Entries taken from a collection
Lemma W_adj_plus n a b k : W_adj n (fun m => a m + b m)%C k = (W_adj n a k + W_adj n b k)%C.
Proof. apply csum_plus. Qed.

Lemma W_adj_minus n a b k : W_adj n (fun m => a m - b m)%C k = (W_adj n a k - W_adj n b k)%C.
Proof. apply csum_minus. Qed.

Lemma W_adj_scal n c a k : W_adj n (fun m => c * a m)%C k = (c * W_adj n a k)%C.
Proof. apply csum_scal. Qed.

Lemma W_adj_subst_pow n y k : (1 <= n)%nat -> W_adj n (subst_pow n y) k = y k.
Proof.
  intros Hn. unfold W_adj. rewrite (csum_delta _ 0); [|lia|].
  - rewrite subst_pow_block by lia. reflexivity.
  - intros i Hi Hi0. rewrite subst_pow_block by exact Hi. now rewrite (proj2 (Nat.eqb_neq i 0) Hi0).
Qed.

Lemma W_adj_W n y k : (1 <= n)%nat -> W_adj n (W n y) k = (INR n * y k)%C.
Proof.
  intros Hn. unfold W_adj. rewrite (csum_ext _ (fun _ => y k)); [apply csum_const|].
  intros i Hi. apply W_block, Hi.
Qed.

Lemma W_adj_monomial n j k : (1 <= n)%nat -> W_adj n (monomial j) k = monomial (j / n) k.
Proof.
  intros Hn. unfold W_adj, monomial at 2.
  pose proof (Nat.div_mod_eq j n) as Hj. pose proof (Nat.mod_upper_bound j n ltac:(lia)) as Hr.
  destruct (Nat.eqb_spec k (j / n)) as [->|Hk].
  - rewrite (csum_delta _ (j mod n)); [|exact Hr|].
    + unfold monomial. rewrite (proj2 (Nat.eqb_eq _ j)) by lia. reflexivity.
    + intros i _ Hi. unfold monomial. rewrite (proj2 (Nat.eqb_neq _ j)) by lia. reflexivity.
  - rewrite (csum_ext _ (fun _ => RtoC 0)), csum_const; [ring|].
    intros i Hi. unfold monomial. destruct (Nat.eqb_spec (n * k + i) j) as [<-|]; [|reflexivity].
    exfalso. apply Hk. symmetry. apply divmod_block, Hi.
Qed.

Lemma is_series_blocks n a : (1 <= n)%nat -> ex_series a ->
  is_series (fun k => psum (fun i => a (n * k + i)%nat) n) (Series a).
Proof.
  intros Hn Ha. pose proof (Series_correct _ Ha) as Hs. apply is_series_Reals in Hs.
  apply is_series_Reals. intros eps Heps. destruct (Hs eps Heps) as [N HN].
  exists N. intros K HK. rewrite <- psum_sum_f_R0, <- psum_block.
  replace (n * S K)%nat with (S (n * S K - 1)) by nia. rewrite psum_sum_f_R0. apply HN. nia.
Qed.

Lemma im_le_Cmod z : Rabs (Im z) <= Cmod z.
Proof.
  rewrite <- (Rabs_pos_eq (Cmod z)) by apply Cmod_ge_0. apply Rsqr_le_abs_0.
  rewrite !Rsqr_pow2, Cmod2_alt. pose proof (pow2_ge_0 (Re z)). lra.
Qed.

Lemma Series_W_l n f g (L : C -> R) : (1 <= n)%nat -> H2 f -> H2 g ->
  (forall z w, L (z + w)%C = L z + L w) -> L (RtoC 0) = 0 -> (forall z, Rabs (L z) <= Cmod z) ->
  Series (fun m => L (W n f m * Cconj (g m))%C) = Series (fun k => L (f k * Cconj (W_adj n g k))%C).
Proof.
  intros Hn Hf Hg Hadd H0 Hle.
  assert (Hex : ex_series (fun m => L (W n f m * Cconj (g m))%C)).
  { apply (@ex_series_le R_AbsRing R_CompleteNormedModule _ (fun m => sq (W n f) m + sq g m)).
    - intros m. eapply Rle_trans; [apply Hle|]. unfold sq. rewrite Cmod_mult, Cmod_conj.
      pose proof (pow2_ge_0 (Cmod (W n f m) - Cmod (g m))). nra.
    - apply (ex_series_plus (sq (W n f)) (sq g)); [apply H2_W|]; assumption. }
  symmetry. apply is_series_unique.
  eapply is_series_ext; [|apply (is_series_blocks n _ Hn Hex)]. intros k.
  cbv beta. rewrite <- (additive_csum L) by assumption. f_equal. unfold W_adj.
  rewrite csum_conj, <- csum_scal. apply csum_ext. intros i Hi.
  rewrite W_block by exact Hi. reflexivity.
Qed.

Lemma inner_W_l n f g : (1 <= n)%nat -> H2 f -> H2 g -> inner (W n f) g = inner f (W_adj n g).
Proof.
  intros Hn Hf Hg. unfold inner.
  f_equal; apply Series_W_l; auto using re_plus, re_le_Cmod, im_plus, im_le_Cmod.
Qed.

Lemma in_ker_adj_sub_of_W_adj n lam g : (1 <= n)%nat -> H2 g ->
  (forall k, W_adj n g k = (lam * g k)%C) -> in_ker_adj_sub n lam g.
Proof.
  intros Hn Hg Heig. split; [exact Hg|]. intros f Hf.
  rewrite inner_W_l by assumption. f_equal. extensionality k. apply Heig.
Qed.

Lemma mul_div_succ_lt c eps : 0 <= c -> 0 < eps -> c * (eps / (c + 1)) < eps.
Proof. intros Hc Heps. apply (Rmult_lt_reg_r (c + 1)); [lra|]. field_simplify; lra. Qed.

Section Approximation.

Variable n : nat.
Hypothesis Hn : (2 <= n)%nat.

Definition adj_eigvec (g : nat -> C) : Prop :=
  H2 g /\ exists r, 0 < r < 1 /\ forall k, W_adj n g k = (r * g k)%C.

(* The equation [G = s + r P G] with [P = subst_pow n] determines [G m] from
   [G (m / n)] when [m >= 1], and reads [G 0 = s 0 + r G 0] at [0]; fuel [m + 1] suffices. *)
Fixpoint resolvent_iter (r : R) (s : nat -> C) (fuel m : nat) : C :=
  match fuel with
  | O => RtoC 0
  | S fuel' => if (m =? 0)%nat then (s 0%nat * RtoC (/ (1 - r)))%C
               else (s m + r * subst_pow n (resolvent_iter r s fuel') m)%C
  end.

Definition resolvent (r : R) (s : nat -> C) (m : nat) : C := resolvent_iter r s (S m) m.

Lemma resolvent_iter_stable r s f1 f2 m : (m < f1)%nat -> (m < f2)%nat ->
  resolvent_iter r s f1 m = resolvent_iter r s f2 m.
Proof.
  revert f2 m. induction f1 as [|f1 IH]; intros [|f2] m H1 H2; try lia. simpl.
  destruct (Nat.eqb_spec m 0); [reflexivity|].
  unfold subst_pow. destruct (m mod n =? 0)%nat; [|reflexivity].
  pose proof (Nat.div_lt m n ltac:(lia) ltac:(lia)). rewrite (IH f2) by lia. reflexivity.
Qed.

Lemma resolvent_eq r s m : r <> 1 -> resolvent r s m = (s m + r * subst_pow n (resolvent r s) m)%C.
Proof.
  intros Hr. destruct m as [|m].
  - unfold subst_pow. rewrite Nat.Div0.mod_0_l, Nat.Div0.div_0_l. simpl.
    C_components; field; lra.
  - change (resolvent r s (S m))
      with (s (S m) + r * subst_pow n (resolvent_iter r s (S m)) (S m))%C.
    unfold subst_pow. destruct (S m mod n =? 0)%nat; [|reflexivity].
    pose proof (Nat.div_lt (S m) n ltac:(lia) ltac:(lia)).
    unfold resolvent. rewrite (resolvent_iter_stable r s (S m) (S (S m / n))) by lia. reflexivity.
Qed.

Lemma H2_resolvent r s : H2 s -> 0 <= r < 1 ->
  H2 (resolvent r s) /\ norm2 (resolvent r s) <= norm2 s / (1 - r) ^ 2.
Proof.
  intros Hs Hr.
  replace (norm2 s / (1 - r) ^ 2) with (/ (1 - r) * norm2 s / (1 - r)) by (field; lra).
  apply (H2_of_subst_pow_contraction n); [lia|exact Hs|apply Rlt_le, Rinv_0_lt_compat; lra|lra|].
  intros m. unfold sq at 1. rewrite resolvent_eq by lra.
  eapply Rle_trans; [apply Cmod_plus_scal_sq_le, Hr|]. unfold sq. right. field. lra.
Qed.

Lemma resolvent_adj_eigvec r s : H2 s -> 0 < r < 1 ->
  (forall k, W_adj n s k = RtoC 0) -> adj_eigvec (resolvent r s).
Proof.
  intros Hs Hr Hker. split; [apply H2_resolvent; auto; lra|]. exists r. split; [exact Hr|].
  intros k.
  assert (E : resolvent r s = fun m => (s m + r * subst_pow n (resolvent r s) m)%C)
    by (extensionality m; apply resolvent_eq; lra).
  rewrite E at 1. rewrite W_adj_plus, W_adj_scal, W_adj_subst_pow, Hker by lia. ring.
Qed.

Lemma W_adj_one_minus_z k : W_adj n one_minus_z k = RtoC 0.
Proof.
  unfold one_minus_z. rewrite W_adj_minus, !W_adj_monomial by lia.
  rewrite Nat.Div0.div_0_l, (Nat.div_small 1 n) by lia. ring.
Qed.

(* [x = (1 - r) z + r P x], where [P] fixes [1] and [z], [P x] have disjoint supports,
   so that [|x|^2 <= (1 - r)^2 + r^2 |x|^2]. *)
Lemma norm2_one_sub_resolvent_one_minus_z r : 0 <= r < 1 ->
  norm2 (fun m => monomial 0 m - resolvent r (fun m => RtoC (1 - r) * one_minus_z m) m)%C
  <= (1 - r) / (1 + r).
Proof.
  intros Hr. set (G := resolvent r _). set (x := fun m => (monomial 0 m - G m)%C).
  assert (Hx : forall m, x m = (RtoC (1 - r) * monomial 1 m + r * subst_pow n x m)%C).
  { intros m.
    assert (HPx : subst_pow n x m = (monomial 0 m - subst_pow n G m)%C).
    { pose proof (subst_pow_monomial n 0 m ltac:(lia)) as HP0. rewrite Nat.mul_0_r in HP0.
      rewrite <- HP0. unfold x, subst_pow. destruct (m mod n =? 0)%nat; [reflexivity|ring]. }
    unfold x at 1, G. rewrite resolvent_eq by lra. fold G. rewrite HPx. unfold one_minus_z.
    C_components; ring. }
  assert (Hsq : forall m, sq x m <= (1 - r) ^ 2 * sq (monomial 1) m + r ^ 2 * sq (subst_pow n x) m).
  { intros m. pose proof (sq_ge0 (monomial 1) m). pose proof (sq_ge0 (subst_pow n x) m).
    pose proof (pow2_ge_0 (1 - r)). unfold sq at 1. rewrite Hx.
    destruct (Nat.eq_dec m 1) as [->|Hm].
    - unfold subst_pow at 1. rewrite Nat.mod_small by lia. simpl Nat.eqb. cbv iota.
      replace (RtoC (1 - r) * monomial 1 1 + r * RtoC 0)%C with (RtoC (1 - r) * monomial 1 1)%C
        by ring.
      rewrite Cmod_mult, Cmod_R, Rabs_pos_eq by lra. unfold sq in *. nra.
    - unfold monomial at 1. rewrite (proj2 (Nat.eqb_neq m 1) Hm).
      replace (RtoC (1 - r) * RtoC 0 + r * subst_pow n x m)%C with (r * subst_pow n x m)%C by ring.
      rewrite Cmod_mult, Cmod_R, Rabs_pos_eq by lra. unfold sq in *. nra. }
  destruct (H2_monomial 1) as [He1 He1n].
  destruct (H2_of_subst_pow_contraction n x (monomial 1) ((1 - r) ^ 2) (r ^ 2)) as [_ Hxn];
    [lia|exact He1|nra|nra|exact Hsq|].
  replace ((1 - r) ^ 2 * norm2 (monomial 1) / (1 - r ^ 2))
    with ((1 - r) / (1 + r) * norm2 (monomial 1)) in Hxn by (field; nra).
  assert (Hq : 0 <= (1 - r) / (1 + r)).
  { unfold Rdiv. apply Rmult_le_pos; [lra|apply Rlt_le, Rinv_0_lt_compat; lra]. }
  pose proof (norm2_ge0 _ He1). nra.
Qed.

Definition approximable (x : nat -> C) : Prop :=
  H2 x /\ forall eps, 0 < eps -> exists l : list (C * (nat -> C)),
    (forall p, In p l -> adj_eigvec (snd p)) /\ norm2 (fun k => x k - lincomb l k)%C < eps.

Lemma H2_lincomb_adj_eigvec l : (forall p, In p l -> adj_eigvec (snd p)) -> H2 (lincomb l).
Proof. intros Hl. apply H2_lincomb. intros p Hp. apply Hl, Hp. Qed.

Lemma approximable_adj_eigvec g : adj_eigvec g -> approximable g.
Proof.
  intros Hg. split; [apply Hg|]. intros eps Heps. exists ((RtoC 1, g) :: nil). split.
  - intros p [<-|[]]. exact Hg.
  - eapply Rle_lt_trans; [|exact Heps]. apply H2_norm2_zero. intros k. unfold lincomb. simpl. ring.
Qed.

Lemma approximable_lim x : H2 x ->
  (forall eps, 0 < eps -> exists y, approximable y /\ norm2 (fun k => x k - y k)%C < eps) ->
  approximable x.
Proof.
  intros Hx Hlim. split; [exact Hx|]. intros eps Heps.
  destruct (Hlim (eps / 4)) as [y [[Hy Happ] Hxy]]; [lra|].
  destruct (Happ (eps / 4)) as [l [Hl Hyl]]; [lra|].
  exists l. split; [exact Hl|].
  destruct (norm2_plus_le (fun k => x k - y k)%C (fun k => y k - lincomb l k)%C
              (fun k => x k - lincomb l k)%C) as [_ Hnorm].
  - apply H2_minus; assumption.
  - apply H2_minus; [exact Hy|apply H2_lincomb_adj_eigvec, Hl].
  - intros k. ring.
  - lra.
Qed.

*TASK DETAILS*
Give only a number: how many lines of the data hold the string "eapply"?

*REPLY TO THE EXERCISE*
4